Mardi 25 août, dans le quartier du Panier à Marseille, le chef d'un restaurant a empêché deux hommes cagoulés de mettre le feu à son établissement. La vidéo de la scène montre l'un des assaillants asperger le sol d'essence lorsque le restaurateur se jette sur le second, provoquant la fuite du premier. Le patron a retenu l'autre suspect pendant 42 secondes avant qu'il ne parvienne à s'échapper, rapporte La Provence.
Une série d'attaques dans le quartier
Depuis une dizaine de jours, trois restaurants du secteur ont été ciblés par des tentatives de dégradations et d'incendies. La division de la criminalité organisée et spécialisée a été saisie de l'enquête. Les méthodes employées sont attribuées aux narcotrafiquants, selon franceinfo.
Dans la vidéo obtenue par nos confrères, on voit les deux individus entrer avec un jerrican d'essence. L'arroseur prend la fuite et rejoint une Ford Fiesta qui file vers les quartiers nord de Marseille. Le restaurateur, lui, lutte avec le deuxième homme avant qu'il ne s'échappe à son tour.
Le restaurateur témoigne
« Je ne voulais pas qu'il s'enfuie. Mais c'est vrai qu'il aurait pu être armé », a confié le patron à La Provence. Il a ajouté : « Depuis qu'on a ouvert, je n'avais jamais vu ça. »
Ces actes d'intimidation et de dégradations n'ont fait l'objet d'aucune tentative d'extorsion. « Ça va peut-être venir. On nous attaque peut-être pour venir nous proposer de nous protéger ensuite », a expliqué le restaurateur.
Un suspect interpellé, les commanditaires recherchés
Le premier fuyard, un homme de 24 ans, a été intercepté 20 minutes après sa tentative ratée par des policiers municipaux. Il était toujours en garde à vue vendredi 28 août dans les locaux de la brigade de répression du banditisme (BRB).

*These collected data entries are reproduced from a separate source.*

(* Let $n\ge1$ and $s\ge0$ be integers such that $\lambda=3^{(n+s-1)/2}$ is an integer. Let $D_0,D_1,D_2$ be a partition of $\mathbb{F}_{3^n}$ such that each $D_i$ is a partial geometric difference set in the additive group of $\mathbb{F}_{3^n}$ and $\chi_a(D_i)\in\{0,\pm\lambda,\pm\lambda\zeta_3,\pm\lambda\zeta_3^2\}$ for every $a\in\mathbb{F}_{3^n}^*$ and $i=0,1,2$. Suppose one of the following holds: (1) $|D_0|=|D_1|=|D_2|$; (2) for some ordering $\{i,j,k\}=\{0,1,2\}$, $|D_i|=|D_j|=3^{n-1}-3^{(n+s-2)/2}$ and $|D_k|=3^{n-1}+2\cdot3^{(n+s-2)/2}$; (3) for some ordering $\{i,j,k\}=\{0,1,2\}$, $|D_i|=|D_j|=3^{n-1}+3^{(n+s-2)/2}$ and $|D_k|=3^{n-1}-2\cdot3^{(n+s-2)/2}$. Suppose further that $|\langle z_a,e\rangle|^2\in\{0,3\lambda^2\}$ for every $a\in\mathbb{F}_{3^n}^*$. Then the function $f:\mathbb{F}_{3^n}\to\mathbb{F}_3$ defined by $f(x)=i$ for $x\in D_i$ is $s$-plateaued.
   Context: $\zeta_3=e^{2\pi i/3}$, $Tr_n(z)=\sum_{i=0}^{n-1}z^{3^i}$. For $a\in\mathbb{F}_{3^n}$, $\chi_a$ is the additive character $\chi_a(x)=\zeta_3^{Tr_n(ax)}$, and $\chi_a(S)=\sum_{x\in S}\chi_a(x)$. $z_a=(\chi_a(D_0),\chi_a(D_1),\chi_a(D_2))\in\mathbb{C}^3$, $e=(1,\zeta_3,\zeta_3^2)$, and $\langle u,w\rangle=\sum_i u_i\overline{w_i}$ is the complex inner product. Partial geometric difference set: $S\subseteq G$ ($G$ abelian of order $v$, $|S|=k$, $v>k>2$) such that, with $\delta(g)=|\{(s,t)\in S\times S:g=s-t\}|$, $\sum_{y\in S}\delta(x-y)$ equals a constant $\alpha$ for $x\notin S$ and a constant $\beta$ for $x\in S$. A function $f:\mathbb{F}_{3^n}\to\mathbb{F}_3$ is $s$-plateaued if $|\widehat f(\mu)|\in\{0,3^{(n+s)/2}\}$ for all $\mu$, where $\widehat f(\mu)=\sum_{x}\zeta_3^{f(x)-Tr_n(\mu x)}$. *)

From HB Require Import structures.
From mathcomp Require Import all_boot all_order all_algebra all_field.
From mathcomp Require Import algC.
Set Implicit Arguments. Unset Strict Implicit. Unset Printing Implicit Defensive.
Import Order.TTheory GRing.Theory Num.Theory.
Local Open Scope ring_scope.

(* zeta_3 = e^{2 pi i/3} = (-1 + i sqrt 3)/2 in the algebraic complex numbers *)
Definition zeta3 : algC := (-1 + sqrtC (-3)) / 2.

Definition pg_delta (G : finZmodType) (S : {set G}) (g : G) : nat :=
  #|[set p : G * G | [&& p.1 \in S, p.2 \in S & g == p.1 - p.2]]|.

Definition partial_geometric_ds (G : finZmodType) (S : {set G}) : Prop :=
  (2 < #|S|)%N /\ (#|S| < #|G|)%N /\
  exists alpha beta : nat, forall x : G,
    (\sum_(y in S) pg_delta S (x - y)%R)%N = (if x \in S then beta else alpha).

Definition trn (F : finFieldType) (n : nat) (z : F) : F :=
  \sum_(i < n) z ^+ (3 ^ i).

(* identify an element of the prime field {0,1,2} of F with its exponent *)
Definition f3exp (F : finFieldType) (t : F) : nat :=
  if t == 0 then 0%N else if t == 1 then 1%N else 2%N.

Definition chi (F : finFieldType) (n : nat) (a x : F) : algC :=
  zeta3 ^+ f3exp (trn n (a * x)).

Definition chiS (F : finFieldType) (n : nat) (a : F) (S : {set F}) : algC :=
  \sum_(x in S) chi n a x.

Definition za_dot_e (F : finFieldType) (n : nat) (D : 'I_3 -> {set F}) (a : F)
  : algC := \sum_(i < 3) chiS n a (D i) * (zeta3 ^+ i)^*.

Definition fD (F : finFieldType) (D : 'I_3 -> {set F}) (x : F) : 'I_3 :=
  odflt ord0 [pick i | x \in D i].

Definition walsh (F : finFieldType) (n : nat) (f : F -> 'I_3) (mu : F) : algC :=
  \sum_(x : F) zeta3 ^+ (f x) * (zeta3 ^+ f3exp (trn n (mu * x)))^-1.

Definition plateaued (F : finFieldType) (n s : nat) (f : F -> 'I_3) : Prop :=
  forall mu : F, `|walsh n f mu| = 0 \/ `|walsh n f mu| = sqrtC (3 ^ (n + s))%:R.

From HB Require Import structures.
From mathcomp Require Import all_boot all_order all_algebra all_field.
From mathcomp Require Import algC.
From mathcomp Require Import ring.
Set Implicit Arguments. Unset Strict Implicit. Unset Printing Implicit Defensive.
Import Order.TTheory GRing.Theory Num.Theory.
Local Open Scope ring_scope.

(* Since f takes the value i exactly on D_i, the Walsh transform of f at mu is
   the complex conjugate of <z_mu, e>.  For mu <> 0 the hypothesis on
   |<z_a, e>|^2 gives |hat f(mu)| in {0, sqrt(3 lambda^2)} = {0, 3^((n+s)/2)}.
   For mu = 0, chi_0(D_i) = |D_i| and <z_0, e> = sum_i |D_i| zeta3^-i; as
   1 + zeta3 + zeta3^2 = 0, a common shift of the three cardinalities does not
   change this sum, so it vanishes in case (1) and has modulus 3 c = 3^((n+s)/2)
   in cases (2) and (3).  The partial geometric and character-value hypotheses
   are not needed. *)

Lemma zeta3_sum : 1 + zeta3 + zeta3 ^+ 2 = 0.
Proof.
rewrite /zeta3; set r := sqrtC (-3 : algC).
have r2 : r ^+ 2 = -3 by rewrite sqrtCK.
have four_neq0 : (4 : algC) != 0 by rewrite pnatr_eq0.
have -> : 1 + (-1 + r) / 2 + ((-1 + r) / 2) ^+ 2 = (3 + r ^+ 2) / 4 by field.
by rewrite r2 addrN mul0r.
Qed.

Lemma zeta3_cube : zeta3 ^+ 3 = 1.
Proof.
apply/eqP; rewrite -subr_eq0.
have -> : zeta3 ^+ 3 - 1 = (zeta3 - 1) * (1 + zeta3 + zeta3 ^+ 2) by ring.
by rewrite zeta3_sum mulr0.
Qed.

Lemma norm_zeta3X m : `|zeta3 ^+ m| = 1.
Proof.
suff norm_zeta3 : `|zeta3| = 1 by rewrite normrX norm_zeta3 expr1n.
by apply/eqP; rewrite -(pexpr_eq1 (n := 3)) // -normrX zeta3_cube normr1.
Qed.

Lemma invC_zeta3X m : (zeta3 ^+ m)^-1 = (zeta3 ^+ m)^*.
Proof. by rewrite invC_norm norm_zeta3X expr1n invr1 mul1r. Qed.

Lemma sum_zeta3X : \sum_(l < 3) zeta3 ^+ l = 0.
Proof. by rewrite !big_ord_recr big_ord0 /= add0r expr0 expr1 zeta3_sum. Qed.

Lemma ord3_cases (l : 'I_3) : [\/ l = ord0, l = inord 1 | l = inord 2].
Proof.
by case: l => [[|[|[|//]]] ?]; [apply: Or31 | apply: Or32 | apply: Or33];
  apply: val_inj; rewrite /= ?inordK.
Qed.

Lemma ord3_third (l i j k : 'I_3) : [&& i != j, j != k & i != k] ->
  (l != i) && (l != j) = (l == k).
Proof.
by case: i => [[|[|[|//]]] ?]; case: j => [[|[|[|//]]] ?];
  case: k => [[|[|[|//]]] ?]; case: l => [[|[|[|//]]] ?].
Qed.

Lemma big_ord3_distinct (V : nmodType) (g : 'I_3 -> V) (i j k : 'I_3) :
  [&& i != j, j != k & i != k] -> \sum_(l < 3) g l = g i + g j + g k.
Proof.
move=> ijk; rewrite (bigD1 i) //= (bigD1 j) /=; last first.
  by case/and3P: ijk; rewrite eq_sym.
by rewrite (eq_bigl (pred1 k)) ?big_pred1_eq ?addrA // => l; exact: ord3_third.
Qed.

Lemma norm_sum_zeta3X_shift (w : 'I_3 -> algC) (i j k : 'I_3) (A t : algC) :
  [&& i != j, j != k & i != k] ->
  w i = A + t -> w j = A + t -> w k = A - 2 * t ->
  `|\sum_(l < 3) w l * zeta3 ^+ l| = `|3 * t|.
Proof.
move=> ijk wi wj wk; have := sum_zeta3X.
rewrite !(big_ord3_distinct _ ijk) wi wj wk => zeta3_ijk.
have -> : (A + t) * zeta3 ^+ i + (A + t) * zeta3 ^+ j + (A - 2 * t) * zeta3 ^+ k
    = (A + t) * (zeta3 ^+ i + zeta3 ^+ j + zeta3 ^+ k) - 3 * t * zeta3 ^+ k.
  by ring.
by rewrite zeta3_ijk mulr0 add0r normrN normrM norm_zeta3X mulr1.
Qed.

Lemma expn_odd_half b m : odd m -> (b * (b ^ m.-1./2) ^ 2 = b ^ m)%N.
Proof.
move=> odd_m; rewrite -expnM -expnS; congr (b ^ _)%N.
by rewrite -(odd_double_half m) odd_m add1n /= doubleK muln2.
Qed.

Section Partition.

Variables (F : finFieldType) (n : nat) (D : 'I_3 -> {set F}).
Hypothesis cover : forall x : F, exists i : 'I_3, x \in D i.
Hypothesis disjoint_D : forall i j : 'I_3, i != j -> [disjoint D i & D j].

Lemma fD_eq x i : (fD D x == i) = (x \in D i).
Proof.
rewrite /fD; case: pickP => [i0 x_i0 | no_i] /=.
  have [<- | ne] := eqVneq i0 i; first by rewrite x_i0.
  by rewrite (disjointFr (disjoint_D ne) x_i0); apply/negbTE.
by have [j x_j] := cover x; move: (no_i j); rewrite x_j.
Qed.

Lemma walsh_fD mu : walsh n (fD D) mu = (za_dot_e n D mu)^*.
Proof.
rewrite /walsh /za_dot_e rmorph_sum (partition_big (fD D) xpredT) //=.
apply: eq_bigr => i _; rewrite rmorphM /= conjCK mulrC rmorph_sum mulr_sumr.
apply: eq_big => [x | x /eqP ->]; first by rewrite fD_eq.
by rewrite invC_zeta3X.
Qed.

End Partition.

Lemma trn0 (F : finFieldType) n : trn n (0 : F) = 0.
Proof. by apply: big1 => l _; rewrite expr0n expn_eq0. Qed.

Lemma chiS0 (F : finFieldType) n (S : {set F}) : chiS n 0 S = #|S|%:R.
Proof.
rewrite /chiS (eq_bigr (fun _ => 1)) ?sumr_const // => x _.
by rewrite /chi mul0r trn0 /f3exp eqxx.
Qed.

Lemma za_dot_e0 (F : finFieldType) n (D : 'I_3 -> {set F}) :
  za_dot_e n D 0 = (\sum_(l < 3) #|D l|%:R * zeta3 ^+ l)^*.
Proof.
rewrite /za_dot_e rmorph_sum; apply: eq_bigr => l _.
by rewrite chiS0 rmorphM /= rmorph_nat.
Qed.

Theorem mainTheorem6 (F : finFieldType) (n s : nat) (D : 'I_3 -> {set F}) :
  (1 <= n)%N ->
  #|F| = (3 ^ n)%N ->
  (* lambda = 3^((n+s-1)/2) is an integer, i.e. n+s-1 is even *)
  odd (n + s) ->
  let lambda : algC := (3 ^ ((n + s).-1./2))%:R in
  let c : algC := sqrtC (3 ^ (n + s))%:R / 3 in   (* = 3^((n+s-2)/2) *)
  (* D_0, D_1, D_2 partition F *)
  (forall x : F, exists i : 'I_3, x \in D i) ->
  (forall i j : 'I_3, i != j -> [disjoint D i & D j]) ->
  (forall i : 'I_3, partial_geometric_ds (D i)) ->
  (forall (a : F) (i : 'I_3), a != 0 ->
     chiS n a (D i) = 0 \/
     exists (j : 'I_3) (b : bool), chiS n a (D i) = (-1) ^+ b * lambda * zeta3 ^+ j) ->
  [\/ #|D ord0| = #|D (inord 1)| /\ #|D (inord 1)| = #|D (inord 2)|,
      exists i j k : 'I_3, [/\ [&& i != j, j != k & i != k],
        (#|D i|)%:R = (3 ^ n.-1)%:R - c :> algC,
        (#|D j|)%:R = (3 ^ n.-1)%:R - c :> algC &
        (#|D k|)%:R = (3 ^ n.-1)%:R + 2 * c :> algC]
    | exists i j k : 'I_3, [/\ [&& i != j, j != k & i != k],
        (#|D i|)%:R = (3 ^ n.-1)%:R + c :> algC,
        (#|D j|)%:R = (3 ^ n.-1)%:R + c :> algC &
        (#|D k|)%:R = (3 ^ n.-1)%:R - 2 * c :> algC]] ->
  (forall a : F, a != 0 ->
     `|za_dot_e n D a| ^+ 2 = 0 \/ `|za_dot_e n D a| ^+ 2 = 3 * lambda ^+ 2) ->
  plateaued n s (fD D).
Proof.
move=> _ _ odd_ns lambda c cover disjoint_D _ _ card_D za_e mu.
rewrite walsh_fD // norm_conjC.
have [-> | mu_neq0] := eqVneq mu 0; last first.
  case: (za_e mu mu_neq0) => [/eqP | za_e_mu]; first by rewrite expf_eq0 => /eqP; left.
  by right; rewrite -[LHS]sqrCK // za_e_mu -natrX -natrM expn_odd_half.
have norm_3c : `|3 * c| = sqrtC (3 ^ (n + s))%:R.
  by rewrite mulrC divfK ?pnatr_eq0 // ger0_norm // sqrtC_ge0 ler0n.
rewrite za_dot_e0 norm_conjC; case: card_D => [[D01 D12] | [i [j [k [ijk Di Dj Dk]]]] | [i [j [k [ijk Di Dj Dk]]]]].
- left; rewrite (eq_bigr (fun l : 'I_3 => #|D ord0|%:R * zeta3 ^+ l)).
    by rewrite -mulr_sumr sum_zeta3X mulr0 normr0.
  by move=> l _; case: (ord3_cases l) => ->; rewrite ?D01 ?D12.
- have Dk' : #|D k|%:R = (3 ^ n.-1)%:R - 2 * - c :> algC by rewrite mulrN opprK.
  by right; rewrite (norm_sum_zeta3X_shift (w := fun l => #|D l|%:R) ijk Di Dj Dk') mulrN normrN norm_3c.
- by right; rewrite (norm_sum_zeta3X_shift (w := fun l => #|D l|%:R) ijk Di Dj Dk) norm_3c.
Qed.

Les autorités cherchent à identifier les commanditaires. « C'est compliqué de faire le lien entre les équipes, puisque les petites mains sont recrutées sur la toile via les réseaux sociaux et ne se connaissent pas entre elles. Leur seul lien c'est le commanditaire qui souvent n'apparaît jamais, si ce n'est derrière un pseudo », a indiqué une source proche du dossier. « Pour s'attaquer à plusieurs établissements de la place, ça veut dire qu'il y a quelqu'un qui veut soit les racketter, soit y installer sa propre sécurité », a-t-elle complété.